Ferrandez’s power is limited; City Hall, led by Union Montréal’s Gérald Tremblay for the past decade, has the ultimate say on major infrastructure projects. But the boroughs do have the power to determine the direction of one-way streets, and Projet Montréal has focused on creating traffic mazes that channel drivers back to such major arteries as rue Saint-Denis and Saint-Laurent. These calming measures come at a time when Montreal’s roads, sewers, and gas lines (not to mention its bridges and tunnels) all seem to be reaching their best-before dates, provoking a spate of construction that threatens to paralyze such north-south thoroughfares as avenue de Parc and avenue Papineau for years to come. The result, in the summer of 2011, was borough-wide gridlock. As Bixi riders wove around immobilized cars, talk radio callers lambasted Montreal’s most visible, and vocal, opponent of the automobile as a dictator, a Nazi, and even Satan.
“I accept that some people think I’m the devil!” Ferrandez shouted over his shoulder, making a right onto rue de Brébeuf. “For them, the Plateau doesn’t exist. It is just a place to be driven through. I don’t give a shit about these people. They’ve abandoned the idea that humans can live together.” Even among his constituents, there are signs that Ferrandez may be moving too quickly. Shop owners, hard pressed by property tax increases, claim that congestion and higher parking meter rates are driving customers away.
Ferrandez’s vision of what the borough is, and could be, seems almost exalted. “The Plateau is an Italian cathedral. It’s a forest. It’s something to protect, something sacred. I don’t want it to become a place where people come to live in a condo with triple-glazed windows for a couple of years. This has to be a place where people can be comfortable walking to the bakery, walking to school, walking to the park — where they want to stay to raise a family.”
At forty-nine, Ferrandez is a first-time father, and the Projet Montréal message seems to resonate most loudly among new families. The upstart party was founded in 2004 by a coalition of environmentalists whose leader, architect and urban planner Richard Bergeron (author of Le livre noir de l’automobile, a book-length diatribe about the impact of cars on society), won less than 9 percent of votes the following year when he ran for mayor on a pro–sustainable urbanism and anti-sprawl platform. In the 2009 election, Bergeron’s share of the popular vote rose to one-quarter; fifteen of the city’s sixty-four councillors now belong to the party.

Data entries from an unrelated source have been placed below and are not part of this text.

(* A regular $n$-tournament is $(n-1)$-spectrally monomorphic if and only if it is $(n-1)$-skew-spectrally monomorphic.
   Context: An $n$-tournament is a digraph in which every pair of distinct vertices is joined by exactly one arc. Its adjacency matrix $A=(a_{ij})$ has $a_{ij}=1$ if $v_i$ dominates $v_j$ and $0$ otherwise; its skew-adjacency matrix is $S=A-A^{\top}$. A tournament is regular if all its vertices have the same out-degree. A tournament is $k$-spectrally monomorphic (resp. $k$-skew-spectrally monomorphic) if all $k\times k$ principal submatrices of $A$ (resp. of $S$) have the same characteristic polynomial $\det(zI-M)$. *)

From mathcomp Require Import all_boot all_order all_algebra.
Set Implicit Arguments. Unset Strict Implicit. Unset Printing Implicit Defensive.
Import GRing.Theory.
Local Open Scope ring_scope.

(* A tournament on vertex set 'I_n: relation [dom i j] = "v_i dominates v_j". *)
Definition is_tournament (n : nat) (dom : rel 'I_n) : Prop :=
  (forall i, ~~ dom i i) /\
  (forall i j, i != j -> dom i j (+) dom j i).

Definition regular_tournament (n : nat) (dom : rel 'I_n) : Prop :=
  forall i j : 'I_n, #|[set k | dom i k]| = #|[set k | dom j k]|.

Definition adj_mx (n : nat) (dom : rel 'I_n) : 'M[int]_n :=
  \matrix_(i, j) (dom i j)%:R.

Definition skew_mx (n : nat) (dom : rel 'I_n) : 'M[int]_n :=
  adj_mx dom - (adj_mx dom)^T.

Definition principal_submx (R : Type) (n : nat) (M : 'M[R]_n) (S : {set 'I_n})
  : 'M[R]_#|S| :=
  \matrix_(i, j) M (enum_val i) (enum_val j).

Definition k_spec_mono (n k : nat) (M : 'M[int]_n) : Prop :=
  forall S1 S2 : {set 'I_n}, #|S1| = k -> #|S2| = k ->
    char_poly (principal_submx M S1) = char_poly (principal_submx M S2).

Definition spectrally_monomorphic (n k : nat) (dom : rel 'I_n) : Prop :=
  k_spec_mono k (adj_mx dom).

Definition skew_spectrally_monomorphic (n k : nat) (dom : rel 'I_n) : Prop :=
  k_spec_mono k (skew_mx dom).

From mathcomp Require Import all_boot all_order all_algebra all_fingroup.
From mathcomp Require Import ring.
Set Implicit Arguments. Unset Strict Implicit. Unset Printing Implicit Defensive.
Import GRing.Theory Num.Theory.
Local Open Scope ring_scope.

(* The characteristic polynomials of the principal submatrices of order [n - 1] of [M]
   are the diagonal cofactors of [zI - M], so [(n - 1)]-spectral monomorphy says that
   these cofactors coincide.  In a tournament [A + A^T = J - I], hence [S = 2A + I - J]
   and [(2z + 1)I - S = 2(zI - A) + J].  When the tournament is regular, all row and
   column sums of [A] equal [(n - 1)/2], so [N = 2(zI - A)] satisfies
   [NJ = JN = (2z - n + 1)J].  The Sherman-Morrison formula then writes [adj (N + J)]
   as a combination of [adj N] and [J], so [N] and [N + J] have constant diagonal
   cofactors simultaneously. *)

Definition const_diag_cofactor (R : comPzRingType) n (M : 'M[R]_n) : Prop :=
  forall i j, cofactor M i i = cofactor M j j.

Lemma const_diag_cofactor_map (R S : comPzRingType) (f : {rmorphism R -> S}) n
    (M : 'M[R]_n) :
  injective f -> const_diag_cofactor (map_mx f M) <-> const_diag_cofactor M.
Proof.
move=> f_inj; split=> cM i j; last by rewrite !cofactor_map_mx (cM i j).
by apply: f_inj; rewrite -!cofactor_map_mx.
Qed.

Lemma const_diag_cofactorZ (R : idomainType) n (a : R) (M : 'M[R]_n) :
  a != 0 -> const_diag_cofactor (a *: M) <-> const_diag_cofactor M.
Proof.
move=> a0; have an0 : a ^+ n.-1 != 0 by rewrite expf_neq0.
split=> cM i j; last by rewrite !cofactorZ (cM i j).
by apply: (mulfI an0); rewrite -!cofactorZ.
Qed.

Lemma mul_const_mx1 (R : pzSemiRingType) n :
  (const_mx 1 : 'M[R]_n) *m (const_mx 1 : 'M[R]_n) = n%:R *: (const_mx 1 : 'M[R]_n).
Proof.
apply/matrixP=> i j; rewrite !mxE.
under eq_bigr do rewrite !mxE mulr1.
by rewrite sumr_const card_ord mulr1.
Qed.

Section ConstMxUpdate.
Variables (R : idomainType) (n : nat).
Local Notation J := (const_mx 1 : 'M[R]_n).

Variables (N : 'M[R]_n) (c s : R).
Hypotheses (NJ : N *m J = c *: J) (JN : J *m N = c *: J).

(* Sherman-Morrison: [c (c + n s) adj N - s det N J] is [c (c + n s) det N] times an
   inverse of [N + s J]. *)
Lemma scale_adj_add_const_mx :
  \det (N + s *: J) *: ((c * (c + n%:R * s)) *: \adj N - (s * \det N) *: J)
  = (c * (c + n%:R * s) * \det N) *: \adj (N + s *: J).
Proof.
set a := c * (c + n%:R * s); set Y := a *: \adj N - (s * \det N) *: J.
have JadjN : c *: (J *m \adj N) = \det N *: J.
  by rewrite scalemxAl -JN -mulmxA mul_mx_adj mul_mx_scalar.
have MY : (N + s *: J) *m Y = (a * \det N)%:M.
  rewrite mulmxDl !mulmxBr -!scalemxAr -!scalemxAl mul_mx_adj NJ mul_const_mx1.
  have -> : a *: (s *: (J *m \adj N)) = (s * (c + n%:R * s)) *: (\det N *: J).
    by rewrite -JadjN !scalerA /a; congr (_ *: _); ring.
  rewrite !scalerA scale_scalar_mx -[RHS]addr0 -addrA; congr (_ + _).
  by rewrite -scalerBl -scaleNr -scalerDl [_ + _](_ : _ = 0) ?scale0r //; ring.
have := congr1 (mulmx (\adj (N + s *: J))) MY.
by rewrite mulmxA mul_adj_mx mul_scalar_mx mul_mx_scalar.
Qed.

Lemma const_diag_cofactor_add_const_mx :
  c != 0 -> c + n%:R * s != 0 -> \det N != 0 -> \det (N + s *: J) != 0 ->
  const_diag_cofactor N <-> const_diag_cofactor (N + s *: J).
Proof.
move=> c0 cs0 dN0 dM0.
have a0 : c * (c + n%:R * s) != 0 by rewrite mulf_neq0.
have E i : \det (N + s *: J) * (c * (c + n%:R * s) * cofactor N i i - s * \det N)
         = c * (c + n%:R * s) * \det N * cofactor (N + s *: J) i i.
  have := congr1 (fun B : 'M[R]_n => B i i) scale_adj_add_const_mx.
  by rewrite /= !mxE mulr1.
split=> cM i j.
  by apply: (mulfI (mulf_neq0 a0 dN0)); rewrite -!E (cM i j).
apply: (mulfI a0); apply: (addIr (- (s * \det N))); apply: (mulfI dM0).
by rewrite !E (cM i j).
Qed.
End ConstMxUpdate.

Lemma det_mxsub_reindex (R : comPzRingType) m k l (X : 'M[R]_m)
    (g : 'I_k -> 'I_m) (h : 'I_l -> 'I_m) :
  k = l -> injective g -> injective h -> (forall i, exists j, h j = g i) ->
  \det (mxsub g g X) = \det (mxsub h h X).
Proof.
move=> kl; subst l => g_inj h_inj gh.
pose f i := odflt i [pick j | h j == g i].
have hf i : h (f i) = g i.
  rewrite /f; case: pickP => [j /eqP //|none]; have [j hj] := gh i.
  by have := none j; rewrite hj eqxx.
have f_inj : injective f by move=> i j fij; apply: g_inj; rewrite -!hf fij.
pose p := perm f_inj.
have -> : mxsub g g X = row_perm p (col_perm p (mxsub h h X)).
  by apply/matrixP=> i j; rewrite !mxE !permE !hf.
rewrite row_permE col_permE !det_mulmx !det_perm odd_permV.
by rewrite mulrCA -signr_addb addbb expr0 mulr1.
Qed.

Lemma det_principal_submx_setC1 (R : comPzRingType) n (X : 'M[R]_n.+1) v :
  \det (principal_submx X [set~ v]) = cofactor X v v.
Proof.
have card_setC1 : #|[set~ v]| = n by rewrite cardsC1 card_ord.
rewrite /cofactor -signr_odd oddD addbb expr0 mul1r.
have -> : row' v (col' v X) = mxsub (lift v) (lift v) X.
  by apply/matrixP=> i j; rewrite !mxE.
apply: (det_mxsub_reindex _ card_setC1 enum_val_inj (@lift_inj _ v)) => i.
by have := enum_valP i; rewrite !inE eq_sym => /unlift_some [j -> _]; exists j.
Qed.

Lemma char_poly_principal_submx (R : nzRingType) n (M : 'M[R]_n) S :
  char_poly (principal_submx M S) = \det (principal_submx (char_poly_mx M) S).
Proof.
rewrite /char_poly; congr (\det _); apply/matrixP=> i j.
by rewrite !mxE (inj_eq enum_val_inj).
Qed.

Lemma card_predn_setC1 n (S : {set 'I_n.+1}) : #|S| = n -> exists v, S = [set~ v].
Proof.
move=> cardS; have /cards1P [v Sv] : #|~: S| == 1%N.
  by rewrite cardsCs setCK card_ord cardS -addn1 addKn.
by exists v; rewrite -Sv setCK.
Qed.

Lemma k_spec_mono_predn n (M : 'M[int]_n.+1) :
  k_spec_mono n M <-> const_diag_cofactor (char_poly_mx M).
Proof.
split=> [spec v w | cM S1 S2 /card_predn_setC1 [v ->] /card_predn_setC1 [w ->]].
  by rewrite -!det_principal_submx_setC1 -!char_poly_principal_submx;
    apply: spec; rewrite cardsC1 card_ord.
by rewrite !char_poly_principal_submx !det_principal_submx_setC1.
Qed.

Lemma k_spec_mono0 k (M : 'M[int]_0) : k_spec_mono k M.
Proof. by move=> S1 S2 _ _; have -> : S1 = S2 by apply/setP => -[]. Qed.

Lemma char_poly_mx_mul_const_mx (R : comNzRingType) n (M : 'M[R]_n) d :
  M *m const_mx 1 = d *: (const_mx 1 : 'M_n) ->
  char_poly_mx M *m const_mx 1 = ('X - d%:P) *: (const_mx 1 : 'M_n).
Proof.
move=> MJ; rewrite mulmxBl mul_scalar_mx.
rewrite [X in _ *m X](_ : _ = map_mx polyC (const_mx 1)); last by rewrite map_const_mx.
by rewrite -map_mxM MJ map_mxZ map_const_mx scalerBl.
Qed.

Lemma const_mx_mul_char_poly_mx (R : comNzRingType) n (M : 'M[R]_n) d :
  const_mx 1 *m M = d *: (const_mx 1 : 'M_n) ->
  const_mx 1 *m char_poly_mx M = ('X - d%:P) *: (const_mx 1 : 'M_n).
Proof.
move=> JM; rewrite mulmxBr mul_mx_scalar.
rewrite [X in X *m _](_ : _ = map_mx polyC (const_mx 1)); last by rewrite map_const_mx.
by rewrite -map_mxM JM map_mxZ map_const_mx scalerBl.
Qed.

Section Tournament.
Variables (n : nat) (dom : rel 'I_n).
Hypothesis tour : is_tournament dom.
Local Notation A := (adj_mx dom).
Local Notation J := (const_mx 1 : 'M[int]_n).

Lemma adj_mx_add_tr : A + A^T = J - 1%:M.
Proof.
apply/matrixP=> i j; rewrite !mxE; case: eqVneq => [->|ij].
  by rewrite (negPf (tour.1 j)).
by have := tour.2 i j ij; case: (dom i j); case: (dom j i).
Qed.

Lemma skew_mx_adj : skew_mx dom = A *+ 2 + 1%:M - J.
Proof.
have -> : skew_mx dom = A - (J - 1%:M - A) by rewrite -adj_mx_add_tr addrAC subrr add0r.
by apply/matrixP=> i j; rewrite !mxE; ring.
Qed.

Lemma char_poly_mx_skew_comp :
  map_mx (comp_poly (2%:P * 'X + 1)) (char_poly_mx (skew_mx dom))
  = 2%:P *: char_poly_mx A + const_mx 1.
Proof.
apply/matrixP=> i j; rewrite skew_mx_adj !mxE.
rewrite rmorphB rmorphMn /= comp_polyX comp_polyC.
by case: (i == j); rewrite ?mulr1n ?mulr0n !(polyCD, polyCN, polyC1, polyC0); ring.
Qed.
End Tournament.

Section RegularTournament.
Variables (n : nat) (dom : rel 'I_n).
Hypotheses (tour : is_tournament dom) (reg : regular_tournament dom).
Local Notation A := (adj_mx dom).
Local Notation J := (const_mx 1 : 'M[int]_n).
Local Notation outdeg v := (#|[set k | dom v k]|%:R : int).

Lemma adj_mx_mul_const_mx v : A *m J = outdeg v *: J.
Proof.
apply/matrixP=> i j; rewrite !mxE mulr1 -(reg i v).
under eq_bigr do rewrite !mxE mulr1.
rewrite -sum1_card natr_sum [RHS]big_mkcond; apply: eq_bigr => k _.
by rewrite inE; case: (dom i k).
Qed.

Lemma const_mx_mul_adj_mx_compl v : J *m A = (n%:R - 1 - outdeg v) *: J.
Proof.
have JAt : J *m A^T = outdeg v *: J.
  by rewrite -[J]trmx_const -trmx_mul (adj_mx_mul_const_mx v) linearZ /= trmx_const.
have : J *m (A + A^T) = (n%:R - 1) *: J.
  by rewrite adj_mx_add_tr // mulmxBr mul_const_mx1 mulmx1 scalerBl scale1r.
by rewrite mulmxDr JAt => JAJ; rewrite scalerBl -JAJ addrK.
Qed.

Lemma regular_tournament_outdeg v : outdeg v *+ 2 + 1 = n%:R.
Proof.
have := mulmxA J A J; rewrite (adj_mx_mul_const_mx v) (const_mx_mul_adj_mx_compl v).
rewrite -scalemxAl -scalemxAr mul_const_mx1 !scalerA.
move=> /(congr1 (fun B : 'M[int]_n => B v v)); rewrite !mxE !mulr1.
have n0 : n%:R != 0 :> int by rewrite pnatr_eq0 -lt0n (leq_ltn_trans _ (ltn_ord v)).
by move=> /(mulIf n0) dn; rewrite mulr2n {1}dn; ring.
Qed.

Lemma const_mx_mul_adj_mx v : J *m A = outdeg v *: J.
Proof.
rewrite (const_mx_mul_adj_mx_compl v) -(regular_tournament_outdeg v) mulr2n.
by congr (_ *: _); ring.
Qed.
End RegularTournament.

Lemma size_2X_add1 : size (2%:P * 'X + 1 : {poly int}) = 2%N.
Proof. by rewrite -polyC1 size_MXaddC polyC_eq0 size_polyC. Qed.

Lemma comp_2X_add1_inj : injective (comp_poly (2%:P * 'X + 1 : {poly int})).
Proof.
by apply: raddf_inj => p /eqP; rewrite comp_poly2_eq0 ?size_2X_add1 // => /eqP.
Qed.

Section RegularTournamentSpectra.
Variables (n : nat) (dom : rel 'I_n.+1).
Hypotheses (tour : is_tournament dom) (reg : regular_tournament dom).
Local Notation A := (adj_mx dom).
Local Notation S := (skew_mx dom).
Local Notation J := (const_mx 1 : 'M[{poly int}]_n.+1).
Local Notation d := (#|[set k | dom ord0 k]|%:R : int).

Lemma char_poly_mx_adj_mul_const_mx :
  (2%:P *: char_poly_mx A) *m J = (2%:P * ('X - d%:P)) *: J.
Proof.
by rewrite -scalemxAl (char_poly_mx_mul_const_mx (adj_mx_mul_const_mx reg ord0)) scalerA.
Qed.

Lemma const_mx_mul_char_poly_mx_adj :
  J *m (2%:P *: char_poly_mx A) = (2%:P * ('X - d%:P)) *: J.
Proof.
rewrite -scalemxAr (const_mx_mul_char_poly_mx (const_mx_mul_adj_mx tour reg ord0)).
by rewrite scalerA.
Qed.

Lemma const_diag_cofactor_adj_skew :
  const_diag_cofactor (char_poly_mx A) <-> const_diag_cofactor (char_poly_mx S).
Proof.
have two0 : 2%:P != 0 :> {poly int} by rewrite polyC_eq0.
rewrite -(const_diag_cofactorZ _ two0).
rewrite (const_diag_cofactor_add_const_mx (s := 1) char_poly_mx_adj_mul_const_mx
                                           const_mx_mul_char_poly_mx_adj).
- rewrite scale1r -(char_poly_mx_skew_comp tour) const_diag_cofactor_map //.
  exact: comp_2X_add1_inj.
- by rewrite mulf_neq0 // -size_poly_eq0 size_XsubC.
- rewrite mulr1 -polyC_natr -(regular_tournament_outdeg tour reg ord0).
  rewrite rmorphD rmorphMn /= polyC1 (_ : _ + _ = 2%:P * 'X + 1); last first.
    by rewrite mulr2n; ring.
  by rewrite -size_poly_eq0 size_2X_add1.
- by rewrite detZ mulf_neq0 ?expf_neq0 // monic_neq0 // char_poly_monic.
rewrite scale1r -(char_poly_mx_skew_comp tour) det_map_mx /=.
rewrite comp_poly2_eq0 ?size_2X_add1 //.
exact/monic_neq0/char_poly_monic.
Qed.
End RegularTournamentSpectra.

Theorem proposition5p4 (n : nat) (dom : rel 'I_n) :
  is_tournament dom -> regular_tournament dom ->
  (spectrally_monomorphic n.-1 dom <-> skew_spectrally_monomorphic n.-1 dom).
Proof.
case: n dom => [|n] dom tour reg; first by split=> _; apply: k_spec_mono0.
rewrite /spectrally_monomorphic /skew_spectrally_monomorphic /= !k_spec_mono_predn.
exact: const_diag_cofactor_adj_skew.
Qed.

After following a path slick with fallen maple leaves into Parc La Fontaine, Ferrandez dismounted outside a restaurant overlooking an artificial lake. “With everything I’m doing,” he said, leaning his Opus against a tree, “I may lose the next election. That’s why I have a real sense of urgency. If I only have two years left, I want to get as much done as I can.” This restaurant, he said, was an example. Using the money saved from delaying snow removal after one late-winter storm, the borough converted a deserted pavilion, formerly a stroll for teenage prostitutes, into a kind of Tavern on the Green. Its terrace is now a popular summer destination. Inside, Ferrandez shook hands with a waiter before wandering off to talk to some women who were finishing their lunch.
“What’s a snowstorm?” mused the waiter. “A couple of days, and it’s finished. This place is going to be around for twenty years at least.”
Eventually, Ferrandez returned from his chat with the citizenry. He hadn’t bothered to lock his bike, but this time it was still waiting for him.